• _What is needed_: Please write out exactly, and only, the lines from the first in the material below to the line containing "elim: h j r", both included.

Data records: Begin

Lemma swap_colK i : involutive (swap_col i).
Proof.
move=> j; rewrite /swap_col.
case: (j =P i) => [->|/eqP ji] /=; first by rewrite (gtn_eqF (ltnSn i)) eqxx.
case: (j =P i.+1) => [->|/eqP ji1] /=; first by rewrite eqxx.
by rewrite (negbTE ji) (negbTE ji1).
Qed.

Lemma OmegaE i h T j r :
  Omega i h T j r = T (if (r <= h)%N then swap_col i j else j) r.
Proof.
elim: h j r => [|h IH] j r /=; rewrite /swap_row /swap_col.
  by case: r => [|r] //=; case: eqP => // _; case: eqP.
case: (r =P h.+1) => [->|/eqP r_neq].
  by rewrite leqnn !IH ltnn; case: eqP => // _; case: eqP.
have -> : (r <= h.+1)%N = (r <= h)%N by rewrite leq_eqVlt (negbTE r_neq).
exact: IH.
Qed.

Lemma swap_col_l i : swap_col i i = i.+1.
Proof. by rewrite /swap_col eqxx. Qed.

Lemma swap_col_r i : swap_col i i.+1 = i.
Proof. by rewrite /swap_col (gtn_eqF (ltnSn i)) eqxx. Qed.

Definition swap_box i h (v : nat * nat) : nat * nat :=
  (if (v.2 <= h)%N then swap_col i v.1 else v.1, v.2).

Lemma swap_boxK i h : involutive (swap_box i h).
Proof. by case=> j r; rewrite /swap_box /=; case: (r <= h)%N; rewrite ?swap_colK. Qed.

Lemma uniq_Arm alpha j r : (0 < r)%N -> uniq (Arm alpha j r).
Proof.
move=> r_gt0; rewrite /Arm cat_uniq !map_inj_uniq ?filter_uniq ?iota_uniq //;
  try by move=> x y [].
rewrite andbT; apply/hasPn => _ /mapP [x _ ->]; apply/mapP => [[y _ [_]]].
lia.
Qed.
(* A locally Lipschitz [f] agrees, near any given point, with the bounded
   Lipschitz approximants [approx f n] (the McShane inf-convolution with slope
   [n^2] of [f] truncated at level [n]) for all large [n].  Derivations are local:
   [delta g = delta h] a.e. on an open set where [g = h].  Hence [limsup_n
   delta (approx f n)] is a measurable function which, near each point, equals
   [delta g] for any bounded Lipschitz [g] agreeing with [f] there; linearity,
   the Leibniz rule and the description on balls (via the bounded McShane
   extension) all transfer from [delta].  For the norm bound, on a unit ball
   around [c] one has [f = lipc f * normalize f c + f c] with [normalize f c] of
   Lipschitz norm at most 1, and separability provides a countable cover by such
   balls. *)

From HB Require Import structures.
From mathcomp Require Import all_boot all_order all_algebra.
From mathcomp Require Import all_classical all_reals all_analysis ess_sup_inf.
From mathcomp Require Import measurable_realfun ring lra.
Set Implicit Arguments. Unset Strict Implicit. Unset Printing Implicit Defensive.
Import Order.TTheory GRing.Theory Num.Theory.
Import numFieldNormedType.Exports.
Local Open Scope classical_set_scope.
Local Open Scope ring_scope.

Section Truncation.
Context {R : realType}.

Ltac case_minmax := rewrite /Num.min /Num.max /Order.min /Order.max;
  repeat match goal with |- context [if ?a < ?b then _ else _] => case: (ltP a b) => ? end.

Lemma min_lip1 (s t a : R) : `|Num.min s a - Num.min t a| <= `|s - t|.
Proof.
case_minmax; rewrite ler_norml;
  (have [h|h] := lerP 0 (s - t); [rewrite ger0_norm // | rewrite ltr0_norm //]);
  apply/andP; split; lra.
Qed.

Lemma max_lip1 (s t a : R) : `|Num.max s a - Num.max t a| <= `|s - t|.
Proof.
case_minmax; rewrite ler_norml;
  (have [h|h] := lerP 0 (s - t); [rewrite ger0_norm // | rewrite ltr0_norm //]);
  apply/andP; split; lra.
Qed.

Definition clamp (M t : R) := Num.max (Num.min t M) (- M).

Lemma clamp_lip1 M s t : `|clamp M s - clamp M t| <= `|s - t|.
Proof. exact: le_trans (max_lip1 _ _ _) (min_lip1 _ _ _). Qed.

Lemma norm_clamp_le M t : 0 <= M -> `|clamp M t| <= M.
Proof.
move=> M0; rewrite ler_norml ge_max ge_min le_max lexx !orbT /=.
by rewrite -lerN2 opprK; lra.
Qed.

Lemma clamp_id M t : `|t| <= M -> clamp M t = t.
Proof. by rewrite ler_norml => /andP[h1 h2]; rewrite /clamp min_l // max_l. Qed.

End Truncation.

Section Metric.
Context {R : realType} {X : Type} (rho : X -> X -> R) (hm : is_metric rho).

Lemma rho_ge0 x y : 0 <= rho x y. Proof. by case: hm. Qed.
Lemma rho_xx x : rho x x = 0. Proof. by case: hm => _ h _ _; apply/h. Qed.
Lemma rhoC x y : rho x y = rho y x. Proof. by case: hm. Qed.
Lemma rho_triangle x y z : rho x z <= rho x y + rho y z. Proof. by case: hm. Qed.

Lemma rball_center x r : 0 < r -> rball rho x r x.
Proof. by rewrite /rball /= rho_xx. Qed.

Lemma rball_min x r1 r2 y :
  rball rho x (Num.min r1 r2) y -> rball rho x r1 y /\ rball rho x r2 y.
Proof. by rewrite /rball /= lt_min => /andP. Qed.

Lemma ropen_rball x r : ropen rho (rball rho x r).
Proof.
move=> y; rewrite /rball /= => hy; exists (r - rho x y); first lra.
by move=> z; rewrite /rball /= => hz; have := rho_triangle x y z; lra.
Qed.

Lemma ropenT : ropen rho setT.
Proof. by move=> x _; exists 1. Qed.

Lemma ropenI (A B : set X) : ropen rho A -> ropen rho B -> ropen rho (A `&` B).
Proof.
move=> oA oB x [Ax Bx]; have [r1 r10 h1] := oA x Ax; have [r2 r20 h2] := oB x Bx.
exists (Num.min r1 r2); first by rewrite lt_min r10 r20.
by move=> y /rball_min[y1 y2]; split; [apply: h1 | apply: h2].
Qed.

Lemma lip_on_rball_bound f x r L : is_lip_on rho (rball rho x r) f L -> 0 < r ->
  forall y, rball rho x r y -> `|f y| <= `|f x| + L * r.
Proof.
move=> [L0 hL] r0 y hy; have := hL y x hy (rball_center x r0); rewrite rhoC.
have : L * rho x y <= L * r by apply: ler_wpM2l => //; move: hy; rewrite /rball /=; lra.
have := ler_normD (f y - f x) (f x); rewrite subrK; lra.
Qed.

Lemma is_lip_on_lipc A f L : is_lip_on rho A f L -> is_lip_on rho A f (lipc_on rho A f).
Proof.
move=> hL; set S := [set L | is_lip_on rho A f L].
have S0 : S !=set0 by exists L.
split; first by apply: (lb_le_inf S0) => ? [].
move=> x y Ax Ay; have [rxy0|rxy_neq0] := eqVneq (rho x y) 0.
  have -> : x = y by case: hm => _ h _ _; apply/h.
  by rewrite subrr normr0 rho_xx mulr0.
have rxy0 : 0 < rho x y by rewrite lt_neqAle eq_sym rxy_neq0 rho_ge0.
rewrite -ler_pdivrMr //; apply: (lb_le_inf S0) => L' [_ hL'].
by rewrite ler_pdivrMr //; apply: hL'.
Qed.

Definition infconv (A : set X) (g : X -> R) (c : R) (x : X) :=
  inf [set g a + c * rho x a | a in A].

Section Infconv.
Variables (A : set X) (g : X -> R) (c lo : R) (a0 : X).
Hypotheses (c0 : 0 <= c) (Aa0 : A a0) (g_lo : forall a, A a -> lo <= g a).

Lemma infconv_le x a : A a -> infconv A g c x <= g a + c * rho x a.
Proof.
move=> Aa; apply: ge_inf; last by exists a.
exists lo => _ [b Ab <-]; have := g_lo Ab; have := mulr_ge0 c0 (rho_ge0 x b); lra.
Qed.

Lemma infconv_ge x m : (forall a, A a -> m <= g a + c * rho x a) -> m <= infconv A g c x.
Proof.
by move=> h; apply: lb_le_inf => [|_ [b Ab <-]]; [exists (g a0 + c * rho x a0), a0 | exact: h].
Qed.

Data records: End

• _Solved problem_:
Lemma swap_colK i : involutive (swap_col i).
Proof.
move=> j; rewrite /swap_col.
case: (j =P i) => [->|/eqP ji] /=; first by rewrite (gtn_eqF (ltnSn i)) eqxx.
case: (j =P i.+1) => [->|/eqP ji1] /=; first by rewrite eqxx.
by rewrite (negbTE ji) (negbTE ji1).
Qed.

Lemma OmegaE i h T j r :
  Omega i h T j r = T (if (r <= h)%N then swap_col i j else j) r.
Proof.
elim: h j r => [|h IH] j r /=; rewrite /swap_row /swap_col.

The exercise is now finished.